#### [Data extracted from a collection]
++++++++

Section Pushforward.
Variables (R : numDomainType) (A B : finType) (f : A -> B) (w : A -> R).

Definition push (b : B) : R := \sum_(a | f a == b) w a.

Lemma sum_push (G : B -> R) : \sum_b push b * G b = \sum_a w a * G (f a).
Proof.
rewrite (partition_big f xpredT) //=; apply: eq_bigr => b _.
by rewrite big_distrl; apply: eq_bigr => a /eqP ->.
Qed.

Lemma push_ge0 b : (forall a, 0 <= w a) -> 0 <= push b.
Proof. by move=> w_ge0; apply: sumr_ge0 => a _. Qed.

Lemma push_neq0 b : push b != 0 -> exists2 a, w a != 0 & b = f a.
Proof. by case/sumr_neq0_exists => a /eqP <-; exists a. Qed.

End Pushforward.

Section ProductDistribution.
Variables (R : comPzSemiRingType) (D Y : finType) (mu : D -> Y -> R).
Hypothesis mu_mass : forall d, \sum_y mu d y = 1.

Lemma prod_mass : \sum_(r : {ffun D -> Y}) \prod_d mu d (r d) = 1.
Proof. by rewrite -bigA_distr_bigA big1. Qed.

Lemma prod_marg d y :
  \sum_(r : {ffun D -> Y}) (\prod_d' mu d' (r d')) * (r d == y)%:R = mu d y.
Proof.
pose F d' z := mu d' z * (if d' == d then (z == y)%:R else 1).
transitivity (\sum_(r : {ffun D -> Y}) \prod_d' F d' (r d')).
  apply: eq_bigr => r _; rewrite /F big_split /=; congr (_ * _).
  by rewrite (bigD1 d) //= eqxx big1 ?mulr1 // => d' /negbTE ->.
have others d' : d' != d -> \sum_z F d' z = 1.
  move=> /negbTE d'd; rewrite -[RHS](mu_mass d').
  by apply: eq_bigr => z _; rewrite /F d'd mulr1.
rewrite -bigA_distr_bigA (bigD1 d) //= [X in _ * X]big1 ?mulr1 //.
rewrite (bigD1 y) //= /F !eqxx mulr1.
by rewrite big1 ?addr0 // => z /negbTE ->; rewrite mulr0.
Qed.

End ProductDistribution.

Section Transport.
Variables (R : numFieldType) (W : finType) (h : rel W) (A B : {set W}).
Hypothesis matching : forall x x' y y', x \in A -> x' \in A -> y \in B -> y' \in B ->
  h x y -> h x' y' -> (x == x') = (y == y').
Hypothesis B_gt0 : (0 < #|B|)%N.
Hypothesis B_le_A : (#|B| <= #|A|)%N.

Definition matched_src := [set x in A | [exists y in B, h x y]].
Definition matched_dst := [set y in B | [exists x in A, h x y]].

(* Each matched source sends its unit of mass to its partner; an unmatched
   source sends [spread y] to every target [y], which tops every target up to
   [#|A| / #|B|]. *)
Definition spread y : R :=
  (#|A|%:R / #|B|%:R - (y \in matched_dst)%:R) / (#|A|%:R - #|matched_dst|%:R).

Definition transport x y : R :=
  if (x \in A) && (y \in B) then (h x y)%:R + (x \notin matched_src)%:R * spread y else 0.

Lemma card_matched : #|matched_dst| = #|matched_src|.
Proof.
set E := [set p : W * W | [&& p.1 \in A, p.2 \in B & h p.1 p.2]].
have matchedE (f : W * W -> W) (M : {set W}) :
    (forall z, (z \in M) = [exists p in E, f p == z]) -> M = f @: E.
  move=> ME; apply/setP => z; rewrite ME; apply/existsP/imsetP.
    by case=> p /andP[pE /eqP <-]; exists p.
  by case=> p pE ->; exists p; rewrite pE eqxx.
have -> : matched_dst = [set p.2 | p in E].
  apply: matchedE => y.
  rewrite inE; apply/andP/exists_inP => [[yB /exists_inP[x xA hxy]]|[[x y'] /=]].
    by exists (x, y); rewrite // inE xA yB.
  by rewrite inE => /and3P[xA y'B hxy] /eqP <-; split=> //; apply/exists_inP; exists x.
have -> : matched_src = [set p.1 | p in E].
  apply: matchedE => x.
  rewrite inE; apply/andP/exists_inP => [[xA /exists_inP[y yB hxy]]|[[x' y] /=]].
    by exists (x, y); rewrite // inE xA yB.
  by rewrite inE => /and3P[x'A yB hxy] /eqP <-; split=> //; apply/exists_inP; exists y.
rewrite !card_in_imset // => -[x y] [x' y']; rewrite !inE /=
  => /and3P[xA yB hxy] /and3P[x'A y'B hxy'] /= eq; subst.
- by have := matching xA x'A yB y'B hxy hxy'; rewrite eqxx => /esym/eqP ->.
- by have := matching xA x'A yB y'B hxy hxy'; rewrite eqxx => /eqP ->.
Qed.

Lemma transport_ge0 x y : 0 <= transport x y.
Proof.
rewrite /transport; case: ifP => // _; apply: addr_ge0; first by case: (h x y).
apply: mulr_ge0; first by case: (x \notin _).
apply: divr_ge0.
  rewrite subr_ge0; apply: (@le_trans _ _ 1); first by case: (y \in _).
  by rewrite ler_pdivlMr ?mul1r ?ler_nat // ltr0n.
rewrite subr_ge0 ler_nat card_matched subset_leq_card //.
by apply/subsetP => x'; rewrite inE => /andP[].
Qed.

Lemma transport_neq0 x y : transport x y != 0 -> (x \in A) && (y \in B).
Proof. by rewrite /transport; case: ifP => //; rewrite eqxx. Qed.

Lemma transport_matched x y y' :
  transport x y != 0 -> y' \in B -> h x y' -> y = y'.
Proof.
move=> nz y'B hxy'; have /andP[xA yB] := transport_neq0 nz.
have xM : x \in matched_src by rewrite inE xA; apply/exists_inP; exists y'.
move: nz; rewrite /transport xA yB xM mul0r addr0; case hxy: (h x y); last by rewrite eqxx.
by have := matching xA xA yB y'B hxy hxy'; rewrite eqxx => /esym/eqP.
Qed.

Lemma transport_row x : x \in A -> \sum_y transport x y = 1.
Proof.
move=> xA; rewrite (bigID [pred y | y \in B]) /= [X in _ + X]big1 ?addr0; last first.
  by move=> y /negbTE yB; rewrite /transport yB andbF.
rewrite (eq_bigr (fun y => (h x y)%:R + (x \notin matched_src)%:R * spread y))
  => [|y yB]; last by rewrite /transport xA yB.
rewrite big_split /= sum_indicator_uniq => [|y y' yB y'B hxy hxy']; last first.
  by have := matching xA xA yB y'B hxy hxy'; rewrite eqxx => /esym/eqP.
have matchedE : [exists y in B, h x y] = (x \in matched_src) by rewrite inE xA.
rewrite matchedE; case: (boolP (x \in matched_src)) => [xM|xnM].
  by rewrite big1 ?addr0 // => y _; rewrite mul0r.
rewrite add0r -big_distrr /= mul1r -big_distrl /= big_split /= sumrN sumr_const.
have -> : \sum_(y in B) (y \in matched_dst)%:R = #|matched_dst|%:R :> R.
  rewrite -sum1_card natr_sum [LHS]big_mkcond [RHS]big_mkcond.
  by apply: eq_bigr => y _; rewrite inE; case: (y \in B); case: [exists _ in A, _].
rewrite -[_ *+ #|B|]mulr_natr divfK ?mulfV //; last by rewrite pnatr_eq0 -lt0n.
rewrite subr_eq0 eqr_nat card_matched; apply: contraNneq xnM => eqAM.
suff /eqP -> : matched_src == A by [].
by rewrite eqEcard -eqAM leqnn andbT; apply/subsetP => x'; rewrite inE => /andP[].
Qed.

Lemma transport_col y : y \in B -> \sum_x transport x y = #|A|%:R / #|B|%:R.
Proof.
move=> yB; rewrite (bigID [pred x | x \in A]) /= [X in _ + X]big1 ?addr0; last first.
  by move=> x /negbTE xA; rewrite /transport xA.
rewrite (eq_bigr (fun x => (h x y)%:R + (x \notin matched_src)%:R * spread y))
  => [|x xA]; last by rewrite /transport xA yB.
rewrite big_split /= sum_indicator_uniq => [|x x' xA x'A hxy hx'y]; last first.
  by have := matching xA x'A yB yB hxy hx'y; rewrite eqxx => /eqP.
have -> : [exists x in A, h x y] = (y \in matched_dst) by rewrite inE yB.
rewrite -big_distrl /=.
have -> : \sum_(x in A) (x \notin matched_src)%:R = (#|A| - #|matched_dst|)%:R :> R.
  have M_sub : matched_src \subset A by apply/subsetP => x; rewrite inE => /andP[].
  rewrite card_matched -(setIidPr M_sub) -cardsD -sum1_card natr_sum.
  rewrite [LHS]big_mkcond [RHS]big_mkcond; apply: eq_bigr => x _; rewrite !inE.
  by case: (x \in A); case: [exists _ in B, _].
rewrite natrB; last first.
  by rewrite card_matched subset_leq_card //; apply/subsetP => x; rewrite inE => /andP[].
have B_neq0 : #|B|%:R != 0 :> R by rewrite pnatr_eq0 -lt0n.
case: (eqVneq #|A| #|matched_dst|) => [eqAM|neqAM].
  have eqBM : #|B| = #|matched_dst|.
    apply/eqP; rewrite eqn_leq -{1}eqAM B_le_A subset_leq_card //.
    by apply/subsetP => y'; rewrite inE => /andP[].
  have yM : y \in matched_dst.
    suff /eqP -> : matched_dst == B by [].
    by rewrite eqEcard eqBM leqnn andbT; apply/subsetP => y'; rewrite inE => /andP[].
  by rewrite yM eqAM subrr mul0r addr0 -eqBM mulfV.
rewrite mulrCA mulfV ?mulr1; first by rewrite addrC subrK.
by rewrite subr_eq0 eqr_nat.
Qed.

Definition transport_from (I : {set W}) y : R := \sum_(x in I) transport x y.

Lemma transport_from_ge0 I y : 0 <= transport_from I y.
Proof. by apply: sumr_ge0 => x _; apply: transport_ge0. Qed.

Lemma transport_fromP I y :
  transport_from I y != 0 -> exists2 x, x \in I & transport x y != 0.
Proof. exact: sumr_neq0_exists. Qed.

Lemma transport_from_mass I : #|I :&: A| = 1%N -> \sum_y transport_from I y = 1.
Proof.
move=> IA1; rewrite exchange_big /= (bigID [pred x | x \in A]) /=.
rewrite [X in _ + X]big1 ?addr0 => [|x /andP[_ /negbTE xA]]; last first.
  by apply: big1 => y _; rewrite /transport xA.
rewrite (eq_bigr (fun=> 1)) => [|x /andP[_]]; last exact: transport_row.
by rewrite sumr_const (eq_card (B := I :&: A)) ?IA1 // => x; rewrite inE.
Qed.

Lemma transport_from_marg (P : {set W} -> R) y :
  (forall x, x \in A -> \sum_I P I * (x \in I)%:R = #|A|%:R^-1) ->
  y \in B -> \sum_I P I * transport_from I y = #|B|%:R^-1.
Proof.
move=> Pmarg yB; have A_neq0 : #|A|%:R != 0 :> R.
  by rewrite pnatr_eq0 -lt0n (leq_trans B_gt0).
transitivity (\sum_x transport x y * #|A|%:R^-1); last first.
  by rewrite -big_distrl /= transport_col // mulrAC mulfV ?mul1r.
under eq_bigr do rewrite /transport_from -sum_mul_indicator big_distrr /=.
rewrite exchange_big /=; apply: eq_bigr => x _.
case: (boolP (x \in A)) => xA; last first.
  by rewrite /transport (negbTE xA) /= mul0r big1 // => I _; rewrite mul0r mulr0.
by rewrite -(Pmarg x xA) big_distrr /=; apply: eq_bigr => I _; rewrite mulrCA mulrA.
Qed.

End Transport.

Arguments transport_from {R W} h A B I y.

Section RestrictedCover.
Variables (R : realFieldType) (V W : finType) (e : rel V) (h : rel W)
  (L : V -> {set W}).
Hypothesis HC : is_cover e h L.

Lemma cover_h_sym : symmetric h.
Proof. by case: HC => -[]. Qed.

Lemma cover_list_unique u v w : w \in L u -> w \in L v -> u = v.
Proof.
move=> wu wv; apply: contraTeq isT => neq.
by case: HC => _ [_ /(_ _ _ neq) /disjointFr /(_ wu)]; rewrite wv.
Qed.

Lemma cover_no_edge u v x y :
  u != v -> ~~ e u v -> x \in L u -> y \in L v -> ~~ h x y.
Proof. by case: HC => _ _ _ H _; apply: H. Qed.
Definition ca_assignment (x : mvar P V) : bool :=
  match x with
  | Xv i p v => ca_row i p == v
  | Cv i tau => [exists k : 'I_c, (k < i) && covers (f k) tau]
  | Uv i => i <= c
  end.

Lemma ca_row_test_case i : test_case d phi (ca_row i).
Proof. by rewrite /ca_row; case: insub. Qed.

Lemma ca_rowS (k : 'I_c) : ca_row k.+1 = f k.
Proof. by rewrite /ca_row /= valK. Qed.

Lemma ca_assignment_model : c <= N -> ccx_model ca_assignment.
Proof.
move=> cN; have covered tau i : tau \in Ta -> c <= i -> ca_assignment (Cv i tau).
  move=> tauT ci; have /existsP[k cov] := f_covers tauT.
  by apply/existsP; exists k; rewrite cov andbT; apply: leq_trans ci.
split=> /=.
- move=> i p _; exists (ca_row i p) => [|y _]; last by rewrite eq_sym.
  by case/andP: (ca_row_test_case i) => /forallP.
- by move=> i _; case/andP: (ca_row_test_case i).
- move=> i tau x _ _ xtau /existsP[k /andP[ki cov]].
  have [lt_k_i1 | ge_k_i1] := ltnP k i.-1.
    by apply/orP; left; apply/existsP; exists k; rewrite lt_k_i1.
  have -> : i = k.+1 by lia.
  by rewrite ca_rowS (forall_inP cov) ?orbT.
- by move=> tau tauT; apply: covered.
- by move=> tau _ _; apply/negP => /existsP[].
- by move=> i _; apply: ltnW.
- move=> i tau _ tauT; apply: contraR; rewrite -ltnNge => lt_c_i.
  by apply: covered; lia.
Qed.

End Construction.

Lemma OptimalCost_CCX : (forall a, a \in atoms phi -> a.2 \in d a.1) ->
  (exists A, test_case d phi A) ->
  OptimalCost CCX (if CAN d phi t <= N
                   then Some (\sum_(lb + 2 <= i < (CAN d phi t).+1) w i) else None).
Proof.
move=> Hphi [A0 A0_tc]; case: ifP => [CAN_N | /negP CAN_N]; last first.
  by case=> s /hard_sat_CCXP s_model; apply/CAN_N/(CAN_le_model Hphi A0 s_model).
rewrite -(sum_range_le _ _ CAN_N); split.
  have /existsP[f /andP[/forallP f_tc /forall_inP f_cov]] := has_CA_CAN d phi t.
  exists (ca_assignment A0 f); split; last exact: cost_CCX.
  exact/hard_sat_CCXP/(ca_assignment_model A0_tc f_tc f_cov CAN_N).
move=> s /hard_sat_CCXP s_model; rewrite cost_CCX big_mkcond [leqRHS]big_mkcond.
rewrite big_seq [leqRHS]big_seq; apply: leq_sum => i; rewrite mem_range => iN /=.
by case: ifP => // iCAN; rewrite (model_Uv Hphi A0 s_model iN iCAN).
Qed.

End CCXEncoding.

Theorem proposition5
  (P V : finType) (d : P -> {set V}) (phi : form (P * V))
  (* each domain is nonempty *)
  (Hd : forall p, d p != set0)
  (* atoms (p = v) of phi satisfy v \in d p *)
  (Hphi : forall a, a \in atoms phi -> a.2 \in d a.1)
  (* at least one test case exists *)
  (Htc : exists A, test_case d phi A)
  (t N lb : nat)
  (Ht : 1 <= t <= #|P|) (HN : 1 <= N)
  (Hlb : lb < CAN d phi t) :
  OptimalCost (WPMSat_CCX d phi N t lb (fun i => 2 ^ (i - (lb + 2))))
    (if CAN d phi t <= N then Some (2 ^ (CAN d phi t - (lb + 1)) - 1) else None)
  /\
  OptimalCost (WPMSat_CCX d phi N t lb (fun i => i - (lb + 2) + 1))
    (if CAN d phi t <= N
     then Some ((1 + (CAN d phi t - (lb + 1))) * (CAN d phi t - (lb + 1)) %/ 2)
     else None).
Proof.
have shift F : \sum_(lb + 2 <= i < (CAN d phi t).+1) F (i - (lb + 2)) =
               \sum_(k < CAN d phi t - (lb + 1)) F k.
  by rewrite sum_nat_shift; have -> : (CAN d phi t).+1 - (lb + 2) = CAN d phi t - (lb + 1) by lia.
split.
- have := OptimalCost_CCX t N lb (fun i => 2 ^ (i - (lb + 2))) Hphi Htc.
  by rewrite (shift (expn 2)) sum_expn2.
- have := OptimalCost_CCX t N lb (fun i => i - (lb + 2) + 1) Hphi Htc.
  by rewrite (shift (addn^~ 1)) sum_succ.
Qed.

++++++++

#### [TASK DETAILS]
In the entries above, find each line that includes the string "atoms" and copy it.

#### [ANSWER FOR THE TASK]
Lemma OptimalCost_CCX : (forall a, a \in atoms phi -> a.2 \in d a.1) ->
  (* atoms (p = v) of phi satisfy v \in d p *)
  (Hphi : forall a, a \in atoms phi -> a.2 \in d a.1)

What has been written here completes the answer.